**Instructions for the task:**
Go through the listing below and list every line with "Require".
------------------------------
(* Consider the single-element, single-slab space-time SBP scheme with weakly imposed homogeneous Dirichlet boundary conditions: unknowns $\boldsymbol\rho,\boldsymbol g_1,\dots,\boldsymbol g_{n_v}$ satisfying $$\mathsf D_t\boldsymbol\rho+\mathsf D_x\langle v\boldsymbol g\rangle=-\sigma_a\boldsymbol\rho+\mathsf{SAT}^{\rho}_L+\mathsf{SAT}^{\rho}_R-\mathsf H_t^{-1}\mathsf t_B\mathsf t_B^\top(\boldsymbol\rho-\boldsymbol\rho(0)),$$ $$\mathsf D_t\boldsymbol g_k+\tfrac{v_k}{\varepsilon}\mathsf D_x\boldsymbol g_k-\tfrac1\varepsilon\langle v\mathsf D_x\boldsymbol g\rangle+\tfrac{v_k}{\varepsilon^2}\mathsf D_x\boldsymbol\rho=-\Big(\tfrac{\sigma_s}{\varepsilon^2}+\sigma_a\Big)\boldsymbol g_k+\mathsf{SAT}^{g_k}_{LR}-\langle\mathsf{SAT}^{g}_{LR}\rangle-\mathsf H_t^{-1}\mathsf t_B\mathsf t_B^\top(\boldsymbol g_k-\boldsymbol g_k(0)),$$ $k=1,\dots,n_v$, where $\mathsf{SAT}^\rho_L=-\tau_\rho\mathsf H_x^{-1}\mathsf t_L\mathsf t_L^\top\langle v^+(\boldsymbol\rho+\varepsilon\boldsymbol g)\rangle$, $\mathsf{SAT}^\rho_R=\tau_\rho\mathsf H_x^{-1}\mathsf t_R\mathsf t_R^\top\langle v^-(\boldsymbol\rho+\varepsilon\boldsymbol g)\rangle$, and $\mathsf{SAT}^{g_k}_{LR}=-\tau_g v_k\mathsf H_x^{-1}\mathsf t_L\mathsf t_L^\top(\boldsymbol\rho+\varepsilon\boldsymbol g_k)$ if $v_k>0$, $\mathsf{SAT}^{g_k}_{LR}=\tau_g v_k\mathsf H_x^{-1}\mathsf t_R\mathsf t_R^\top(\boldsymbol\rho+\varepsilon\boldsymbol g_k)$ if $v_k<0$ (and $0$ if $v_k=0$), with initial data satisfying $\langle\boldsymbol g(0)\rangle=0$. If $\tau_\rho=\frac1{2\varepsilon}$, $\tau_g=\frac1{2\varepsilon^2}$ and the velocity quadrature is symmetric, then the scheme is stable: every solution satisfies $$\tfrac12\boldsymbol\rho^\top(\bar{\boldsymbol t}_T\bar{\boldsymbol t}_T^\top\otimes\bar{\mathsf H}_x)\boldsymbol\rho+\tfrac{\varepsilon^2}2\langle\boldsymbol g^\top(\bar{\boldsymbol t}_T\bar{\boldsymbol t}_T^\top\otimes\bar{\mathsf H}_x)\boldsymbol g\rangle\le\tfrac12\boldsymbol\rho(0)^\top(\bar{\boldsymbol t}_B\bar{\boldsymbol t}_B^\top\otimes\bar{\mathsf H}_x)\boldsymbol\rho(0)+\tfrac{\varepsilon^2}2\langle\boldsymbol g(0)^\top(\bar{\boldsymbol t}_B\bar{\boldsymbol t}_B^\top\otimes\bar{\mathsf H}_x)\boldsymbol g(0)\rangle.$$
   Context: SBP operators: $\bar{\mathsf D}=\bar{\mathsf H}^{-1}\bar{\mathsf Q}$ on nodes $x_0<\dots<x_n$ is a degree-$p$ SBP approximation of $d/dx$ if $\bar{\mathsf D}\boldsymbol x^k=k\boldsymbol x^{k-1}$ for $0\le k\le p$, $\bar{\mathsf H}$ is diagonal symmetric positive definite, and $\bar{\mathsf Q}+\bar{\mathsf Q}^\top=\bar{\boldsymbol t}_R\bar{\boldsymbol t}_R^\top-\bar{\boldsymbol t}_L\bar{\boldsymbol t}_L^\top=\mathrm{diag}(-1,0,\dots,0,1)$, with $\bar{\boldsymbol t}_L,\bar{\boldsymbol t}_R$ the first/last unit vectors. $\bar{\mathsf D}_x=\bar{\mathsf H}_x^{-1}\bar{\mathsf Q}_x$ on $n_x+1$ spatial nodes; $\bar{\mathsf D}_t=\bar{\mathsf H}_t^{-1}\bar{\mathsf Q}_t$ on $n_t+1$ temporal nodes with first/last unit vectors $\bar{\boldsymbol t}_B,\bar{\boldsymbol t}_T$. With identities $\mathsf I_{n_x},\mathsf I_{n_t}$ of sizes $n_x+1,n_t+1$: $\mathsf D_t=\bar{\mathsf D}_t\otimes\mathsf I_{n_x}$, $\mathsf D_x=\mathsf I_{n_t}\otimes\bar{\mathsf D}_x$, $\mathsf H_t=\bar{\mathsf H}_t\otimes\mathsf I_{n_x}$, $\mathsf H_x=\mathsf I_{n_t}\otimes\bar{\mathsf H}_x$, $\mathsf t_{R/L}=\mathsf I_{n_t}\otimes\bar{\boldsymbol t}_{R/L}$, $\mathsf t_B=\bar{\boldsymbol t}_B\otimes\mathsf I_{n_x}$. Velocity nodes $v_k$, weights $\omega_k>0$, $k=1,\dots,n_v$, with $\sum\omega_k=1$, $\sum\omega_kv_k=0$; $v^+=\max(v,0)$, $v^-=\min(v,0)$; $\langle\boldsymbol a\rangle=\sum_k\omega_k\boldsymbol a_k$, e.g. $\langle v^+(\boldsymbol\rho+\varepsilon\boldsymbol g)\rangle=\sum_k\omega_kv_k^+(\boldsymbol\rho+\varepsilon\boldsymbol g_k)$. The quadrature is symmetric if $\omega_k=\omega_{k'}$ and $v_k=-v_{k'}$ whenever $k+k'=n_v+1$. Parameters $\varepsilon>0$, $\sigma_s>0$, $\sigma_a\ge0$; $\boldsymbol\rho(0),\boldsymbol g_k(0)$ given initial-data vectors. *)

From HB Require Import structures.
From mathcomp Require Import all_boot all_order all_algebra.
From mathcomp Require Export mxtens.
Set Implicit Arguments. Unset Strict Implicit. Unset Printing Implicit Defensive.
Import Order.TTheory GRing.Theory Num.Theory.
Local Open Scope ring_scope.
------------------------------
**Task answer:**
From HB Require Import structures.
From mathcomp Require Import all_boot all_order all_algebra.
From mathcomp Require Export mxtens.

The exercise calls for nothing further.